◆ TASK INSTRUCTIONS
Here are some records; return them all exactly.

=-=-=

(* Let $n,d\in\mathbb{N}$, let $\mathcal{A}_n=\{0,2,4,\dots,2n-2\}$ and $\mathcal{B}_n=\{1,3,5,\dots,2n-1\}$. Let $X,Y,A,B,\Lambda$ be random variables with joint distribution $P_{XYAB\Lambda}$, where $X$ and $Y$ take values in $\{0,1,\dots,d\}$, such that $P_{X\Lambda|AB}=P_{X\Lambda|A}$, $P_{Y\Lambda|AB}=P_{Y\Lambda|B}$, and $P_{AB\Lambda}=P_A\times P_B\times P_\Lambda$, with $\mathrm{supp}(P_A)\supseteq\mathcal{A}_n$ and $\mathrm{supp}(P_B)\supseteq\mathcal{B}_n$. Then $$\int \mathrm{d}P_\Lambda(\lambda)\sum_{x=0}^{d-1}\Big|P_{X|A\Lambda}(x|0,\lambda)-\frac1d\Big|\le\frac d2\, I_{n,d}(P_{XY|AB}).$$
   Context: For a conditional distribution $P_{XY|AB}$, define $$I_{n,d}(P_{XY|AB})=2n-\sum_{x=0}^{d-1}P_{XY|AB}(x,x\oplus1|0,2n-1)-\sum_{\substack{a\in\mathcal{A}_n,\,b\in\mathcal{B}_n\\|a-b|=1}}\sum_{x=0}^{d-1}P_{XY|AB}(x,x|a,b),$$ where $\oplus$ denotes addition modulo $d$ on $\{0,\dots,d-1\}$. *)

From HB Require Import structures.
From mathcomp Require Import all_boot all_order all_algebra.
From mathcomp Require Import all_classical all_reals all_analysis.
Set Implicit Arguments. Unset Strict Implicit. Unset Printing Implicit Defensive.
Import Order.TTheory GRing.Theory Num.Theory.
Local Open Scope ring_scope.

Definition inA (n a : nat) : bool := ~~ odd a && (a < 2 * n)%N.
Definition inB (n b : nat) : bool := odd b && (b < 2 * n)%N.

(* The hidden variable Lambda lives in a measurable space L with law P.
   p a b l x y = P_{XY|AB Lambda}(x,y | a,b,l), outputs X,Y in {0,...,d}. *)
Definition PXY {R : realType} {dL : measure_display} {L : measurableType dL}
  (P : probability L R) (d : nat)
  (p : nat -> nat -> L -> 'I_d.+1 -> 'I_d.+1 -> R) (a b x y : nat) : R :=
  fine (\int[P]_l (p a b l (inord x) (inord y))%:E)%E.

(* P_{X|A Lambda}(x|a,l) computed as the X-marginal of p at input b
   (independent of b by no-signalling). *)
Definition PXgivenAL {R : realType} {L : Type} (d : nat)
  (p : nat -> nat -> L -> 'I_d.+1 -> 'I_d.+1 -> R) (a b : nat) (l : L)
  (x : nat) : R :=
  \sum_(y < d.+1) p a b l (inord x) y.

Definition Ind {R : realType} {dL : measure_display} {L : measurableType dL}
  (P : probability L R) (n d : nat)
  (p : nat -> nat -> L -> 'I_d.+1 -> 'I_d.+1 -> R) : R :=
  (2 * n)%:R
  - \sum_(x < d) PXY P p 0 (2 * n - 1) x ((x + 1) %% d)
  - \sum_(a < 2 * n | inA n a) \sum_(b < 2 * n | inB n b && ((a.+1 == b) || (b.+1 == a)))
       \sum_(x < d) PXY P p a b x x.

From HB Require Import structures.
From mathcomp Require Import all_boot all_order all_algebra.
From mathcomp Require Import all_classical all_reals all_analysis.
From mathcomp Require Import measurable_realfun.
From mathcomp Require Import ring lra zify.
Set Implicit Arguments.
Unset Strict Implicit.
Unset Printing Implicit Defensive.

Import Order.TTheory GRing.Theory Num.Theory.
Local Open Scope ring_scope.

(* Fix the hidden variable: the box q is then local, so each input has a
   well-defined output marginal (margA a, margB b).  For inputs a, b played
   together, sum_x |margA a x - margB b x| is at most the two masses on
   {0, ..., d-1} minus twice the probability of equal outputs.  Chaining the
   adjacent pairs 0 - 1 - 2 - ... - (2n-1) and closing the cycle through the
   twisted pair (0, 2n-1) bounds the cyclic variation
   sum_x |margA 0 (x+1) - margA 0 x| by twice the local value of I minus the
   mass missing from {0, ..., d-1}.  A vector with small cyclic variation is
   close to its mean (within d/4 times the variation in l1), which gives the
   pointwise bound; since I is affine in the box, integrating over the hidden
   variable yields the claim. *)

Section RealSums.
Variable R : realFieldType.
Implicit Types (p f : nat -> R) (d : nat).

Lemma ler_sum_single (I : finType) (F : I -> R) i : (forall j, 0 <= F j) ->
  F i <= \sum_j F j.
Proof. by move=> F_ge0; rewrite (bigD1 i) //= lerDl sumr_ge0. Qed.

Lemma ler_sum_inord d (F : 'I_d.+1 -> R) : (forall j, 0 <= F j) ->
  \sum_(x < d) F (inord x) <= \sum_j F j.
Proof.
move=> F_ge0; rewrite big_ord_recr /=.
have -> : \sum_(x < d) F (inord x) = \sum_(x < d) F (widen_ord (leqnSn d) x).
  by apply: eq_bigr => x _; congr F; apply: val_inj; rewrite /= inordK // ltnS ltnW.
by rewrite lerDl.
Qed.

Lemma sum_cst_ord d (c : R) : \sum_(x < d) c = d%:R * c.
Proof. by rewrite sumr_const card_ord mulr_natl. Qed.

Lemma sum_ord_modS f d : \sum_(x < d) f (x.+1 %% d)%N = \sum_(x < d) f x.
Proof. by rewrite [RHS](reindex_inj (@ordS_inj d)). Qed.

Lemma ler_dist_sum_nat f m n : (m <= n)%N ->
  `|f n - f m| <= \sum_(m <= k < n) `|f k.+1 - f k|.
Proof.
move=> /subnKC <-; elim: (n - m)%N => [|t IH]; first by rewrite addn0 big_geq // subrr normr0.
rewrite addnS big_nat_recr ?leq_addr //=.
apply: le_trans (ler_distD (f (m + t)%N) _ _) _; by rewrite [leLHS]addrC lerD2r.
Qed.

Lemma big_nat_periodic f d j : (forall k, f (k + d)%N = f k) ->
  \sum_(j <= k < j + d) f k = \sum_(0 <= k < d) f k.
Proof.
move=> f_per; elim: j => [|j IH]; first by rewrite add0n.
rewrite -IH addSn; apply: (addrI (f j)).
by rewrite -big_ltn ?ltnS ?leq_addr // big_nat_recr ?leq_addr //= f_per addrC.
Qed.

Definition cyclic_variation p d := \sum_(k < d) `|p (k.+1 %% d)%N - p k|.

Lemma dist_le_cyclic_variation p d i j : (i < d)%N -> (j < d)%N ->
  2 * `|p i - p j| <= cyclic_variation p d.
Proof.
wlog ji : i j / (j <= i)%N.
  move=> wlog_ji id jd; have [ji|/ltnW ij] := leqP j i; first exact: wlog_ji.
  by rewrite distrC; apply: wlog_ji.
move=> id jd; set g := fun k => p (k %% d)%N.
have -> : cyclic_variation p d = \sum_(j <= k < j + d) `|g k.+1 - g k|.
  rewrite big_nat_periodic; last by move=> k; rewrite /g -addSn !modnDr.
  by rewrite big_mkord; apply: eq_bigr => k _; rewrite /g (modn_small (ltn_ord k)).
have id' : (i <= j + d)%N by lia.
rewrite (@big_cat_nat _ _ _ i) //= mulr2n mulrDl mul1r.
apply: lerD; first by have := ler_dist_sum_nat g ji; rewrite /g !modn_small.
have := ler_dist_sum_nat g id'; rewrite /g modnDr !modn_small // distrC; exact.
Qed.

=-=-=

◆ TASK RESPONSE
(* Let $n,d\in\mathbb{N}$, let $\mathcal{A}_n=\{0,2,4,\dots,2n-2\}$ and $\mathcal{B}_n=\{1,3,5,\dots,2n-1\}$. Let $X,Y,A,B,\Lambda$ be random variables with joint distribution $P_{XYAB\Lambda}$, where $X$ and $Y$ take values in $\{0,1,\dots,d\}$, such that $P_{X\Lambda|AB}=P_{X\Lambda|A}$, $P_{Y\Lambda|AB}=P_{Y\Lambda|B}$, and $P_{AB\Lambda}=P_A\times P_B\times P_\Lambda$, with $\mathrm{supp}(P_A)\supseteq\mathcal{A}_n$ and $\mathrm{supp}(P_B)\supseteq\mathcal{B}_n$. Then $$\int \mathrm{d}P_\Lambda(\lambda)\sum_{x=0}^{d-1}\Big|P_{X|A\Lambda}(x|0,\lambda)-\frac1d\Big|\le\frac d2\, I_{n,d}(P_{XY|AB}).$$
   Context: For a conditional distribution $P_{XY|AB}$, define $$I_{n,d}(P_{XY|AB})=2n-\sum_{x=0}^{d-1}P_{XY|AB}(x,x\oplus1|0,2n-1)-\sum_{\substack{a\in\mathcal{A}_n,\,b\in\mathcal{B}_n\\|a-b|=1}}\sum_{x=0}^{d-1}P_{XY|AB}(x,x|a,b),$$ where $\oplus$ denotes addition modulo $d$ on $\{0,\dots,d-1\}$. *)

From HB Require Import structures.
From mathcomp Require Import all_boot all_order all_algebra.
From mathcomp Require Import all_classical all_reals all_analysis.
Set Implicit Arguments. Unset Strict Implicit. Unset Printing Implicit Defensive.
Import Order.TTheory GRing.Theory Num.Theory.
Local Open Scope ring_scope.

Definition inA (n a : nat) : bool := ~~ odd a && (a < 2 * n)%N.
Definition inB (n b : nat) : bool := odd b && (b < 2 * n)%N.

(* The hidden variable Lambda lives in a measurable space L with law P.
   p a b l x y = P_{XY|AB Lambda}(x,y | a,b,l), outputs X,Y in {0,...,d}. *)
Definition PXY {R : realType} {dL : measure_display} {L : measurableType dL}
  (P : probability L R) (d : nat)
  (p : nat -> nat -> L -> 'I_d.+1 -> 'I_d.+1 -> R) (a b x y : nat) : R :=
  fine (\int[P]_l (p a b l (inord x) (inord y))%:E)%E.

(* P_{X|A Lambda}(x|a,l) computed as the X-marginal of p at input b
   (independent of b by no-signalling). *)
Definition PXgivenAL {R : realType} {L : Type} (d : nat)
  (p : nat -> nat -> L -> 'I_d.+1 -> 'I_d.+1 -> R) (a b : nat) (l : L)
  (x : nat) : R :=
  \sum_(y < d.+1) p a b l (inord x) y.

Definition Ind {R : realType} {dL : measure_display} {L : measurableType dL}
  (P : probability L R) (n d : nat)
  (p : nat -> nat -> L -> 'I_d.+1 -> 'I_d.+1 -> R) : R :=
  (2 * n)%:R
  - \sum_(x < d) PXY P p 0 (2 * n - 1) x ((x + 1) %% d)
  - \sum_(a < 2 * n | inA n a) \sum_(b < 2 * n | inB n b && ((a.+1 == b) || (b.+1 == a)))
       \sum_(x < d) PXY P p a b x x.

From HB Require Import structures.
From mathcomp Require Import all_boot all_order all_algebra.
From mathcomp Require Import all_classical all_reals all_analysis.
From mathcomp Require Import measurable_realfun.
From mathcomp Require Import ring lra zify.
Set Implicit Arguments.
Unset Strict Implicit.
Unset Printing Implicit Defensive.

Import Order.TTheory GRing.Theory Num.Theory.
Local Open Scope ring_scope.

(* Fix the hidden variable: the box q is then local, so each input has a
   well-defined output marginal (margA a, margB b).  For inputs a, b played
   together, sum_x |margA a x - margB b x| is at most the two masses on
   {0, ..., d-1} minus twice the probability of equal outputs.  Chaining the
   adjacent pairs 0 - 1 - 2 - ... - (2n-1) and closing the cycle through the
   twisted pair (0, 2n-1) bounds the cyclic variation
   sum_x |margA 0 (x+1) - margA 0 x| by twice the local value of I minus the
   mass missing from {0, ..., d-1}.  A vector with small cyclic variation is
   close to its mean (within d/4 times the variation in l1), which gives the
   pointwise bound; since I is affine in the box, integrating over the hidden
   variable yields the claim. *)

Section RealSums.
Variable R : realFieldType.
Implicit Types (p f : nat -> R) (d : nat).

Lemma ler_sum_single (I : finType) (F : I -> R) i : (forall j, 0 <= F j) ->
  F i <= \sum_j F j.
Proof. by move=> F_ge0; rewrite (bigD1 i) //= lerDl sumr_ge0. Qed.

Lemma ler_sum_inord d (F : 'I_d.+1 -> R) : (forall j, 0 <= F j) ->
  \sum_(x < d) F (inord x) <= \sum_j F j.
Proof.
move=> F_ge0; rewrite big_ord_recr /=.
have -> : \sum_(x < d) F (inord x) = \sum_(x < d) F (widen_ord (leqnSn d) x).
  by apply: eq_bigr => x _; congr F; apply: val_inj; rewrite /= inordK // ltnS ltnW.
by rewrite lerDl.
Qed.

Lemma sum_cst_ord d (c : R) : \sum_(x < d) c = d%:R * c.
Proof. by rewrite sumr_const card_ord mulr_natl. Qed.

Lemma sum_ord_modS f d : \sum_(x < d) f (x.+1 %% d)%N = \sum_(x < d) f x.
Proof. by rewrite [RHS](reindex_inj (@ordS_inj d)). Qed.

Lemma ler_dist_sum_nat f m n : (m <= n)%N ->
  `|f n - f m| <= \sum_(m <= k < n) `|f k.+1 - f k|.
Proof.
move=> /subnKC <-; elim: (n - m)%N => [|t IH]; first by rewrite addn0 big_geq // subrr normr0.
rewrite addnS big_nat_recr ?leq_addr //=.
apply: le_trans (ler_distD (f (m + t)%N) _ _) _; by rewrite [leLHS]addrC lerD2r.
Qed.

Lemma big_nat_periodic f d j : (forall k, f (k + d)%N = f k) ->
  \sum_(j <= k < j + d) f k = \sum_(0 <= k < d) f k.
Proof.
move=> f_per; elim: j => [|j IH]; first by rewrite add0n.
rewrite -IH addSn; apply: (addrI (f j)).
by rewrite -big_ltn ?ltnS ?leq_addr // big_nat_recr ?leq_addr //= f_per addrC.
Qed.

Definition cyclic_variation p d := \sum_(k < d) `|p (k.+1 %% d)%N - p k|.

Lemma dist_le_cyclic_variation p d i j : (i < d)%N -> (j < d)%N ->
  2 * `|p i - p j| <= cyclic_variation p d.
Proof.
wlog ji : i j / (j <= i)%N.
  move=> wlog_ji id jd; have [ji|/ltnW ij] := leqP j i; first exact: wlog_ji.
  by rewrite distrC; apply: wlog_ji.
move=> id jd; set g := fun k => p (k %% d)%N.
have -> : cyclic_variation p d = \sum_(j <= k < j + d) `|g k.+1 - g k|.
  rewrite big_nat_periodic; last by move=> k; rewrite /g -addSn !modnDr.
  by rewrite big_mkord; apply: eq_bigr => k _; rewrite /g (modn_small (ltn_ord k)).
have id' : (i <= j + d)%N by lia.
rewrite (@big_cat_nat _ _ _ i) //= mulr2n mulrDl mul1r.
apply: lerD; first by have := ler_dist_sum_nat g ji; rewrite /g !modn_small.
have := ler_dist_sum_nat g id'; rewrite /g modnDr !modn_small // distrC; exact.
Qed.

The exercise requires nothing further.